| Problem requirements |
Up to and including the line containing "apply: bsmoothM; first", set down each line of the entries below exactly, starting from the first, and leave out the rest.

| Given records |
Lemma Lvec_term_c_lipgrad : lipgrad everywhere (fun (p : fixed_c l) x =>
  Lvec_sq (cWL p *m act sigma (upd (cc p) l x L.-1)) A).
Proof.
have [lL|lL] := eqVneq L.-1 l; last first.
  apply: (fam_eq (F := fun p _ => Lvec_sq (cWL p *m act sigma (cc p L.-1)) A)).
    by move=> p x; rewrite upd_neq.
  exact: lipgrad_cst.
apply: (fam_eq (F := fun p x => Lvec_sq (cWL p *m act sigma x) A)).
  by move=> p x; rewrite lL upd_eq.
suff [Fs _] : bsmooth everywhere (fun (p : fixed_c l) x => Lvec_sq (cWL p *m act sigma x) A).
  exact: smooth_lipgrad Fs.
apply: bsmooth_Lvec_sq => // j k.
apply: (fam_eq (F := fun p x => \sum_i cWL p j i * sigma (x i k))).
  by move=> p x; rewrite !mxE; apply: eq_bigr => i _; rewrite mxE.
apply: bsmooth_sum => i _; apply: bsmoothM (sigma_coord_bsmooth i k).
exact: bsmooth_entry_cst (@cWL_le l).
Qed.

Lemma layer_term_c_lipgrad k : (2 <= k < L)%N ->
  lipgrad everywhere (fun (p : fixed_c l) x => omega L (cW1 p) (cWm p) (cWL p) k *
    frob2 (cWm p k *m act sigma (upd (cc p) l x k.-1) + bcast N (cb p k) - upd (cc p) l x k)).
Proof.
move=> /andP[k2 kL]; have [_ [B omegaB]] := omega_fixed_c_bsmooth (ltnW k2).
have [kl|kl] := eqVneq k l.
  apply: (lipgrad_mull (fun p => omegaB p 0 I)).
  apply: (fam_eq (F := fun p x =>
    frob2 ((cWm p k *m act sigma (cc p k.-1) + bcast N (cb p k)) - x))).
    by move=> p x; rewrite upd_neq ?kl ?upd_eq //; apply/eqP; lia.
  exact: lipgrad_frob2_sub.
have [k1l|k1l] := eqVneq k.-1 l; last first.
  apply: (fam_eq (F := fun p _ => omega L (cW1 p) (cWm p) (cWL p) k *
    frob2 (cWm p k *m act sigma (cc p k.-1) + bcast N (cb p k) - cc p k))).
    by move=> p x; rewrite !upd_neq.
  exact: lipgrad_cst.
apply: (fam_eq (F := fun p x => omega L (cW1 p) (cWm p) (cWL p) k *
  frob2 (cWm p k *m act sigma x + bcast N (cb p k) - cc p k))).
  by move=> p x; rewrite [upd _ _ _ k]upd_neq // k1l upd_eq.
suff [Fs _] : bsmooth everywhere (fun (p : fixed_c l) x => omega L (cW1 p) (cWm p) (cWL p) k *
    frob2 (cWm p k *m act sigma x + bcast N (cb p k) - cc p k)).
  exact: smooth_lipgrad Fs.
apply: bsmoothM; first exact: omega_fixed_c_bsmooth (ltnW k2).
apply: (bsmooth_frob2_affine _ (Z := fun _ x => act sigma x) (B := Rad)).
- by move=> p; apply: cWm_le; lia.
- by move=> p; apply: cb_le; lia.
- by move=> p; apply: cc_le => //; lia.
- move=> i j; apply: (fam_eq _ (sigma_coord_bsmooth i j)).
  by move=> p x; rewrite mxE.
Qed.
(* SH = subsets of SG = nonempty subsets of VI *)
Definition SH : {set {set {set VI}}} := [set sh : {set {set VI}} | set0 \notin sh].

Definition pairsS (S : {set VI}) : {set {set VI}} :=
  [set T0 : {set VI} | (T0 \subset S) && (#|T0| == 2)].
Definition pairsSH (sh : {set {set VI}}) : {set {set VI}} :=
  \bigcup_(S in sh) pairsS S.

Definition rhoPS (sh : {set {set VI}}) : {set {set VI}} :=
  [set S : {set VI} | (S != set0) && (pairsS S \subset pairsSH sh)].

Definition rhoPSD (sh : {set {set VI}}) : {set {set VI}} :=
  [set S : {set VI} | (S != set0) &&
     [forall T0 : {set VI}, ((T0 \subset S) && (#|T0| < 2)) ==>
        (S == \bigcup_(U in sh | (T0 \subset U) && (U \subset S)) U)]].

Definition PS  : {set {set {set VI}}} := [set rhoPS sh | sh in SH].
Definition PSD : {set {set {set VI}}} := [set rhoPSD sh | sh in SH].

Definition PSDplus : {set {set {set VI}}} :=
  [set sh in PSD | [forall x : VI, [set x] \in sh]].
Definition PSDddag : {set {set {set VI}}} :=
  [set sh in PSD | (setT \in sh) && [forall x : VI, [set x] \in sh]].
End Sharing.

Section UCO.
Variable W : finType.
Implicit Types (C D E A X : {set {set W}}) (m : {set W}).

Definition is_meet C X m : bool :=
  [&& m \in C, [forall x in X, m \subset x] &
      [forall y in C, [forall x in X, y \subset x] ==> (y \subset m)]].

(* D is the image of an upper closure operator on C:
   D is a subset of C closed under arbitrary meets of C *)
Definition uco_image C D : bool :=
  (D \subset C) &&
  [forall X : {set {set W}}, forall m : {set W},
     ((X \subset D) && is_meet C X m) ==> (m \in D)].

(* meet-closure in C of A: image of the reduced product (glb in uco(C))
   of the ucos whose images are united in A *)
Definition meet_closure C A : {set {set W}} :=
  [set m | [exists X : {set {set W}}, (X \subset A) && is_meet C X m]].

(* C ~ D : lub in uco(C) (rho1 <= rho2 iff img rho2 \subset img rho1)
   of all rho2 with D (x) rho2 = id_C; the lub of ucos has as image the
   intersection of the images. *)
Definition complement C D : {set {set W}} :=
  \bigcap_(D2 : {set {set W}} |
             uco_image C D2 && (meet_closure C (D :|: D2) == C)) D2.

Definition decomposition3 C D1 D2 D3 : Prop :=
  [/\ uco_image C D1, uco_image C D2, uco_image C D3 &
      meet_closure C (D1 :|: D2 :|: D3) = C].

(* minimality: replacing any D_i by a strictly more abstract E_i
   (img E_i proper subset of img D_i) loses precision:
   C strictly below the product, i.e. its image is a proper subset of C *)
Definition minimal_decomposition3 C D1 D2 D3 : Prop :=
  decomposition3 C D1 D2 D3 /\
  [/\ forall E, uco_image C E -> E \proper D1 ->
        meet_closure C (E :|: D2 :|: D3) \proper C,
      forall E, uco_image C E -> E \proper D2 ->
        meet_closure C (D1 :|: E :|: D3) \proper C &
      forall E, uco_image C E -> E \proper D3 ->
        meet_closure C (D1 :|: D2 :|: E) \proper C].
End UCO.

From mathcomp Require Import all_boot.
Set Implicit Arguments. Unset Strict Implicit. Unset Printing Implicit Defensive.

(* PSD is a finite lattice, so each element is the meet of the meet-irreducible
   elements above it, and the complement PSD ~ D is the meet-closure of the
   meet-irreducibles outside D.  A meet-irreducible element of PSD either misses a
   singleton (it lies in Def^-), or contains VI and all singletons (it lies in
   PSD^ddag), or contains all singletons but not VI, and then it is closed under
   rhoPS, hence lies in PS.  Minimality: a proper abstraction of Def^- loses a
   meet-irreducible outside PSD^+, which the other two components cannot rebuild;
   one of PS loses some [avoid_pair a b], whose upper bounds in the other
   components all contain VI; one of PSD^ddag loses some d, above which Def^- and
   PS only contain the top of PSD. *)

Section MeetClosure.
Variables (W : finType) (C : {set {set W}}).
Implicit Types (X A B D E : {set {set W}}) (m c d y : {set W}).

Lemma is_meetP X m : reflect [/\ m \in C, forall x, x \in X -> m \subset x &
  forall y, y \in C -> (forall x, x \in X -> y \subset x) -> y \subset m]
  (is_meet C X m).
Proof.
apply: (iffP and3P) => [[mC /forall_inP mX /forall_inP mglb]|[mC mX mglb]].
  split=> // y yC yX; apply: (implyP (mglb y yC)); exact/forall_inP.
split=> //; first exact/forall_inP.
by apply/forall_inP => y yC; apply/implyP => /forall_inP; apply: mglb.
Qed.

Lemma meet_closureP A m :
  reflect (exists2 X : {set {set W}}, X \subset A & is_meet C X m) (m \in meet_closure C A).
Proof.
rewrite inE; apply: (iffP existsP) => [[X /andP[]]|[X XA mX]]; first by exists X.
by exists X; rewrite XA.
Qed.

Lemma mem_meet_closure A X m : X \subset A -> is_meet C X m -> m \in meet_closure C A.
Proof. by move=> XA mX; apply/meet_closureP; exists X. Qed.

Lemma meet_closure_sub A : meet_closure C A \subset C.
Proof. by apply/subsetP => m /meet_closureP[X _ /is_meetP[]]. Qed.

Lemma meet_closure_ext A d : d \in C -> d \in A -> d \in meet_closure C A.
Proof.
move=> dC dA; apply: (@mem_meet_closure _ [set d]); first by rewrite sub1set.
by apply/is_meetP; split=> [//|x /set1P->//|y _]; apply; apply: set11.
Qed.

Lemma meet_closure_upper A m :
  m \in meet_closure C A -> is_meet C [set a in A | m \subset a] m.
Proof.
case/meet_closureP => X XA /is_meetP[mC mX mglb]; apply/is_meetP; split=> //.
  by move=> a /setIdP[].
move=> y yC yup; apply: mglb => // x xX; apply: yup.
by rewrite inE (subsetP XA) ?mX.
Qed.

Lemma uco_meet_closure A : uco_image C (meet_closure C A).
Proof.
rewrite /uco_image meet_closure_sub; apply/forallP => X; apply/forallP => m.
apply/implyP => /andP[XM /is_meetP[mC mX mglb]].
apply: (@mem_meet_closure _ [set a in A | m \subset a]); first by apply/subsetP => a /setIdP[].
apply/is_meetP; split=> //; first by move=> a /setIdP[].
move=> y yC yup; apply: mglb => // x xX.
have /is_meetP[_ _ xglb] := meet_closure_upper (subsetP XM x xX).
apply: xglb => // a /setIdP[aA xa]; apply: yup.
by rewrite inE aA (subset_trans (mX x xX) xa).
Qed.

Lemma uco_image_sub D : uco_image C D -> D \subset C.
Proof. by case/andP. Qed.

Lemma uco_image_meet D X m : uco_image C D -> X \subset D -> is_meet C X m -> m \in D.
Proof.
case/andP => _ /forallP/(_ X)/forallP/(_ m)/implyP uD XD mX.
by apply: uD; rewrite XD.
Qed.

Lemma meet_closure_uco D A : uco_image C D -> A \subset D -> meet_closure C A \subset D.
Proof.
move=> uD AD; apply/subsetP => m /meet_closureP[X XA mX].
exact: uco_image_meet uD (subset_trans XA AD) mX.
Qed.

Lemma meet_closure_top A m : m \in meet_closure C A ->
  (forall a, a \in A -> ~~ (m \subset a)) -> forall y, y \in C -> y \subset m.
Proof.
move=> /meet_closure_upper/is_meetP[_ _ mglb] noup y yC; apply: mglb => // a.
by case/setIdP => aA ma; case/negP: (noup a aA).
Qed.

Lemma notin_meet_closure A c y : y \in C -> ~~ (y \subset c) ->
  (forall a, a \in A -> c \subset a -> y \subset a) -> c \notin meet_closure C A.
Proof.
move=> yC ync yup; apply: contra ync => /meet_closure_upper/is_meetP[_ _ cglb].
by apply: cglb => // a /setIdP[]; apply: yup.
Qed.

Lemma meet_closure_drop_tops A B m :
    (forall a, a \in A -> m \subset a -> forall y, y \in C -> y \subset a) ->
  m \in meet_closure C (A :|: B) -> m \in meet_closure C B.
Proof.
move=> Atop /meet_closure_upper/is_meetP[mC _ mglb].
apply: (@mem_meet_closure _ [set b in B | m \subset b]); first by apply/subsetP => a /setIdP[].
apply/is_meetP; split=> //; first by move=> b /setIdP[].
move=> y yC yup; apply: mglb => // a /setIdP[/setUP[aA|aB] ma]; first exact: Atop.
by apply: yup; rewrite inE aB.
Qed.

| Exercise result |
Lemma Lvec_term_c_lipgrad : lipgrad everywhere (fun (p : fixed_c l) x =>
  Lvec_sq (cWL p *m act sigma (upd (cc p) l x L.-1)) A).
Proof.
have [lL|lL] := eqVneq L.-1 l; last first.
  apply: (fam_eq (F := fun p _ => Lvec_sq (cWL p *m act sigma (cc p L.-1)) A)).
    by move=> p x; rewrite upd_neq.
  exact: lipgrad_cst.
apply: (fam_eq (F := fun p x => Lvec_sq (cWL p *m act sigma x) A)).
  by move=> p x; rewrite lL upd_eq.
suff [Fs _] : bsmooth everywhere (fun (p : fixed_c l) x => Lvec_sq (cWL p *m act sigma x) A).
  exact: smooth_lipgrad Fs.
apply: bsmooth_Lvec_sq => // j k.
apply: (fam_eq (F := fun p x => \sum_i cWL p j i * sigma (x i k))).
  by move=> p x; rewrite !mxE; apply: eq_bigr => i _; rewrite mxE.
apply: bsmooth_sum => i _; apply: bsmoothM (sigma_coord_bsmooth i k).
exact: bsmooth_entry_cst (@cWL_le l).
Qed.

Lemma layer_term_c_lipgrad k : (2 <= k < L)%N ->
  lipgrad everywhere (fun (p : fixed_c l) x => omega L (cW1 p) (cWm p) (cWL p) k *
    frob2 (cWm p k *m act sigma (upd (cc p) l x k.-1) + bcast N (cb p k) - upd (cc p) l x k)).
Proof.
move=> /andP[k2 kL]; have [_ [B omegaB]] := omega_fixed_c_bsmooth (ltnW k2).
have [kl|kl] := eqVneq k l.
  apply: (lipgrad_mull (fun p => omegaB p 0 I)).
  apply: (fam_eq (F := fun p x =>
    frob2 ((cWm p k *m act sigma (cc p k.-1) + bcast N (cb p k)) - x))).
    by move=> p x; rewrite upd_neq ?kl ?upd_eq //; apply/eqP; lia.
  exact: lipgrad_frob2_sub.
have [k1l|k1l] := eqVneq k.-1 l; last first.
  apply: (fam_eq (F := fun p _ => omega L (cW1 p) (cWm p) (cWL p) k *
    frob2 (cWm p k *m act sigma (cc p k.-1) + bcast N (cb p k) - cc p k))).
    by move=> p x; rewrite !upd_neq.
  exact: lipgrad_cst.
apply: (fam_eq (F := fun p x => omega L (cW1 p) (cWm p) (cWL p) k *
  frob2 (cWm p k *m act sigma x + bcast N (cb p k) - cc p k))).
  by move=> p x; rewrite [upd _ _ _ k]upd_neq // k1l upd_eq.
suff [Fs _] : bsmooth everywhere (fun (p : fixed_c l) x => omega L (cW1 p) (cWm p) (cWL p) k *
    frob2 (cWm p k *m act sigma x + bcast N (cb p k) - cc p k)).
  exact: smooth_lipgrad Fs.
apply: bsmoothM; first exact: omega_fixed_c_bsmooth (ltnW k2).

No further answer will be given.